*** Opening Extracted data ***

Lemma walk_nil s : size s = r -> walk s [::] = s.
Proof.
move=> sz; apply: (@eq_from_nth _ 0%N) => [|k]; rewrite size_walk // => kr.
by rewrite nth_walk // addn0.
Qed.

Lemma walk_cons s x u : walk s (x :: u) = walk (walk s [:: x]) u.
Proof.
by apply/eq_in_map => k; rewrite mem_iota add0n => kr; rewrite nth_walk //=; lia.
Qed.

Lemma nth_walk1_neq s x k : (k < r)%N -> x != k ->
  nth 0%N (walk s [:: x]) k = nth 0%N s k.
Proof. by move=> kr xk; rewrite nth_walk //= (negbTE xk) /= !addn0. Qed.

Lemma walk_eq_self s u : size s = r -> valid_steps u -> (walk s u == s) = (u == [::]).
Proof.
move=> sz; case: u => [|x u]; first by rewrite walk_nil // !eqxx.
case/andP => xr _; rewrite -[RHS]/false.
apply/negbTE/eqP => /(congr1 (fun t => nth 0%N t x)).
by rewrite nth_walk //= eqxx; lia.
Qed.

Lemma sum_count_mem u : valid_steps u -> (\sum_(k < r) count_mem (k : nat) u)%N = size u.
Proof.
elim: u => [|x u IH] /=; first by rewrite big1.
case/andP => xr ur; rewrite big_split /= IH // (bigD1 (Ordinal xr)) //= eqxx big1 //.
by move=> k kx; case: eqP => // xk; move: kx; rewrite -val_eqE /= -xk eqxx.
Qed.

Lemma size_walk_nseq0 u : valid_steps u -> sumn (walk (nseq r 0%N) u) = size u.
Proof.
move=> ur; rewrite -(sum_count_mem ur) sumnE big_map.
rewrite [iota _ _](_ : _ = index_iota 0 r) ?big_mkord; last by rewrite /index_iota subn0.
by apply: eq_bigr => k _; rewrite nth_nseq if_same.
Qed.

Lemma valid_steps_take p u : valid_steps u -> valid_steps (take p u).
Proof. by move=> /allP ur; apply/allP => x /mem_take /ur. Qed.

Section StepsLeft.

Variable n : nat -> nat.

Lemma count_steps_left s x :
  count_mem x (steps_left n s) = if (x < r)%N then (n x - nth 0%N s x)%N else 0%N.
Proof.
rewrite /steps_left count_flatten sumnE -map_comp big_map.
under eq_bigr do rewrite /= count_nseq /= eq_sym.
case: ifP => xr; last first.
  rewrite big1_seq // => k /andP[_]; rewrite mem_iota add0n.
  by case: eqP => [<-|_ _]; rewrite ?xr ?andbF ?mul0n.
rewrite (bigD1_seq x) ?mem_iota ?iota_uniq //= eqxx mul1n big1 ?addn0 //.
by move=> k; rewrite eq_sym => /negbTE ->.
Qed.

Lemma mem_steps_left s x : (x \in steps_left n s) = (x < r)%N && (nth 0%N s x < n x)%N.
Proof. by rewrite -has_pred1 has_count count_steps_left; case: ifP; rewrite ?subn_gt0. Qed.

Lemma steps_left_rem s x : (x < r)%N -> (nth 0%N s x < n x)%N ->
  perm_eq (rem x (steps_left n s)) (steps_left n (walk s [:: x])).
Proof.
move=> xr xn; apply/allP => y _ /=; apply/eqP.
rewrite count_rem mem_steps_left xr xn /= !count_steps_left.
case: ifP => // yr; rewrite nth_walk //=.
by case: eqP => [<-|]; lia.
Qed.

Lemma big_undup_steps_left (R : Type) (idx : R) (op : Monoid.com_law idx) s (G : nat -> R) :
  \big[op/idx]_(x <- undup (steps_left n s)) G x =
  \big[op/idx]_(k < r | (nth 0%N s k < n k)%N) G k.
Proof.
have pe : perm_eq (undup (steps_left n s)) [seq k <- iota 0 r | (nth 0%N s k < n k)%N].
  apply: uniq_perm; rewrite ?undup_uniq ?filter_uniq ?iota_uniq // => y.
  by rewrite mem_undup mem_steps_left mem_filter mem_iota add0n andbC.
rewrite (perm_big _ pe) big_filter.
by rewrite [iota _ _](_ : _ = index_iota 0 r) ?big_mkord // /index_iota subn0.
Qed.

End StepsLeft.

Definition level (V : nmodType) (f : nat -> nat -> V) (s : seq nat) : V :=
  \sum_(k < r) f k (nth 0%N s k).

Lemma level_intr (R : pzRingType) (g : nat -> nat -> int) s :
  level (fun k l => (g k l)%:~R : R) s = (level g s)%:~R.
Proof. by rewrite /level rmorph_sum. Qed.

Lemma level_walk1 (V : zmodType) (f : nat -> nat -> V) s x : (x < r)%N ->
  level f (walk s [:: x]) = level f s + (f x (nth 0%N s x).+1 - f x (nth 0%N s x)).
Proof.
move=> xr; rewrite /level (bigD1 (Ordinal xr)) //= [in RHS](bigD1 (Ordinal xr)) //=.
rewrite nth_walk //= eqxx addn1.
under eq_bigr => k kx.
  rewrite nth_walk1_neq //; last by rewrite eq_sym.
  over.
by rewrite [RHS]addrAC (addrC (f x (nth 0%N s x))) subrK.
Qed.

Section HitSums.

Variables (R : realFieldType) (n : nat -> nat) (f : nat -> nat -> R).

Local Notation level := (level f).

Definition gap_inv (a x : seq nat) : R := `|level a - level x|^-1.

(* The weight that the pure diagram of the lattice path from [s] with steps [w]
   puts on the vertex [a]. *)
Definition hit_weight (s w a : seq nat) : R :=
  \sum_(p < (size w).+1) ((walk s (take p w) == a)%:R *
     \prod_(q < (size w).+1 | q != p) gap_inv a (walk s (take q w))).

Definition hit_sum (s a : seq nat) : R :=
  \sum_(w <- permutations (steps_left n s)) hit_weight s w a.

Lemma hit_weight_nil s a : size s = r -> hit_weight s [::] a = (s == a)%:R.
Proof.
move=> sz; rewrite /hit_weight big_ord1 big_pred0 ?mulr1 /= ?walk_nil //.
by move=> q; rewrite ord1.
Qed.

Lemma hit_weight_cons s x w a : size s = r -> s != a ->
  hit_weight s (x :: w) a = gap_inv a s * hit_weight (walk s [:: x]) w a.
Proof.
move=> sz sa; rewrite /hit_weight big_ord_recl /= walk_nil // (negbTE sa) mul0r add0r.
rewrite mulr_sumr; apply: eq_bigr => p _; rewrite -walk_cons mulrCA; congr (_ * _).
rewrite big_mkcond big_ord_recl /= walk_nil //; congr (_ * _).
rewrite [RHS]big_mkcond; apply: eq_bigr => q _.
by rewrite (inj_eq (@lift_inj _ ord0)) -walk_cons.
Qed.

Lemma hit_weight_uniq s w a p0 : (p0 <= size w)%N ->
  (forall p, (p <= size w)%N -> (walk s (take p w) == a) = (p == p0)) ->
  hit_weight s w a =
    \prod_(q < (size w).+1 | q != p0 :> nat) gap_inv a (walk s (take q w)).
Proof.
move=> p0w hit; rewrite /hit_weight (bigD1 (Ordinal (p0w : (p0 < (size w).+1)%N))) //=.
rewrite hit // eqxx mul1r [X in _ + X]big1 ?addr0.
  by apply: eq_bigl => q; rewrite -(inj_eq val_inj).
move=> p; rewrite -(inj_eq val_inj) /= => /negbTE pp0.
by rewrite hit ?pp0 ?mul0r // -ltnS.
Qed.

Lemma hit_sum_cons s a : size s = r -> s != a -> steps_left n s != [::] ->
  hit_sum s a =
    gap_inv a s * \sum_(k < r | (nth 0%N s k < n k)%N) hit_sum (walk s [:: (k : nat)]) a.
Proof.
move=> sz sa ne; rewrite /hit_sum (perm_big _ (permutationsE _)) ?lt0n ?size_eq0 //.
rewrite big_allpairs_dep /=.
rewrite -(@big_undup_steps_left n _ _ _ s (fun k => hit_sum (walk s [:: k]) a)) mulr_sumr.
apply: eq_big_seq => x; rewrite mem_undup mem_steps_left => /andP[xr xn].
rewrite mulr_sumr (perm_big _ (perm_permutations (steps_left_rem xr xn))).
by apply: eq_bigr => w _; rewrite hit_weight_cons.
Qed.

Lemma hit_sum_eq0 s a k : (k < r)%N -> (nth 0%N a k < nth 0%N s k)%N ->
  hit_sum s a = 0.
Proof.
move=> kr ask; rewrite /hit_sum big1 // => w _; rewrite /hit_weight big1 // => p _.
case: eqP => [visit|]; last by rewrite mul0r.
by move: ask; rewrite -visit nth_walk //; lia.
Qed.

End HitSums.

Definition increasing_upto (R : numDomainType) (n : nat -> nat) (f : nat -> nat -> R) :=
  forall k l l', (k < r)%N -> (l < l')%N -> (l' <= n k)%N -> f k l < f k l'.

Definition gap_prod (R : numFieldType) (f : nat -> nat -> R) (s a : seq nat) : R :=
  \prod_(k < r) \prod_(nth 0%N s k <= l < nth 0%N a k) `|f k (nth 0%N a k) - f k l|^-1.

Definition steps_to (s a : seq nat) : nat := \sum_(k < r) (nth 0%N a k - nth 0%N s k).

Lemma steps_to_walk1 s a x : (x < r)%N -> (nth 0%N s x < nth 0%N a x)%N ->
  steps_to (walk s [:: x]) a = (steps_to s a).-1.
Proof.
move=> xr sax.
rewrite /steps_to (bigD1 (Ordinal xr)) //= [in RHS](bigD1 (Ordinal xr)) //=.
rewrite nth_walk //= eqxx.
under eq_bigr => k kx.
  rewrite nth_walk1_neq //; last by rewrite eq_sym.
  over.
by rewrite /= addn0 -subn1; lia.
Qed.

*** Closing Extracted data ***

Quote exactly the first line of the data and every line after it through the one holding "rewrite big1_seq //".

Lemma walk_nil s : size s = r -> walk s [::] = s.
Proof.
move=> sz; apply: (@eq_from_nth _ 0%N) => [|k]; rewrite size_walk // => kr.
by rewrite nth_walk // addn0.
Qed.

Lemma walk_cons s x u : walk s (x :: u) = walk (walk s [:: x]) u.
Proof.
by apply/eq_in_map => k; rewrite mem_iota add0n => kr; rewrite nth_walk //=; lia.
Qed.

Lemma nth_walk1_neq s x k : (k < r)%N -> x != k ->
  nth 0%N (walk s [:: x]) k = nth 0%N s k.
Proof. by move=> kr xk; rewrite nth_walk //= (negbTE xk) /= !addn0. Qed.

Lemma walk_eq_self s u : size s = r -> valid_steps u -> (walk s u == s) = (u == [::]).
Proof.
move=> sz; case: u => [|x u]; first by rewrite walk_nil // !eqxx.
case/andP => xr _; rewrite -[RHS]/false.
apply/negbTE/eqP => /(congr1 (fun t => nth 0%N t x)).
by rewrite nth_walk //= eqxx; lia.
Qed.

Lemma sum_count_mem u : valid_steps u -> (\sum_(k < r) count_mem (k : nat) u)%N = size u.
Proof.
elim: u => [|x u IH] /=; first by rewrite big1.
case/andP => xr ur; rewrite big_split /= IH // (bigD1 (Ordinal xr)) //= eqxx big1 //.
by move=> k kx; case: eqP => // xk; move: kx; rewrite -val_eqE /= -xk eqxx.
Qed.

Lemma size_walk_nseq0 u : valid_steps u -> sumn (walk (nseq r 0%N) u) = size u.
Proof.
move=> ur; rewrite -(sum_count_mem ur) sumnE big_map.
rewrite [iota _ _](_ : _ = index_iota 0 r) ?big_mkord; last by rewrite /index_iota subn0.
by apply: eq_bigr => k _; rewrite nth_nseq if_same.
Qed.

Lemma valid_steps_take p u : valid_steps u -> valid_steps (take p u).
Proof. by move=> /allP ur; apply/allP => x /mem_take /ur. Qed.

Section StepsLeft.

Variable n : nat -> nat.

Lemma count_steps_left s x :
  count_mem x (steps_left n s) = if (x < r)%N then (n x - nth 0%N s x)%N else 0%N.
Proof.
rewrite /steps_left count_flatten sumnE -map_comp big_map.
under eq_bigr do rewrite /= count_nseq /= eq_sym.
case: ifP => xr; last first.
  rewrite big1_seq // => k /andP[_]; rewrite mem_iota add0n.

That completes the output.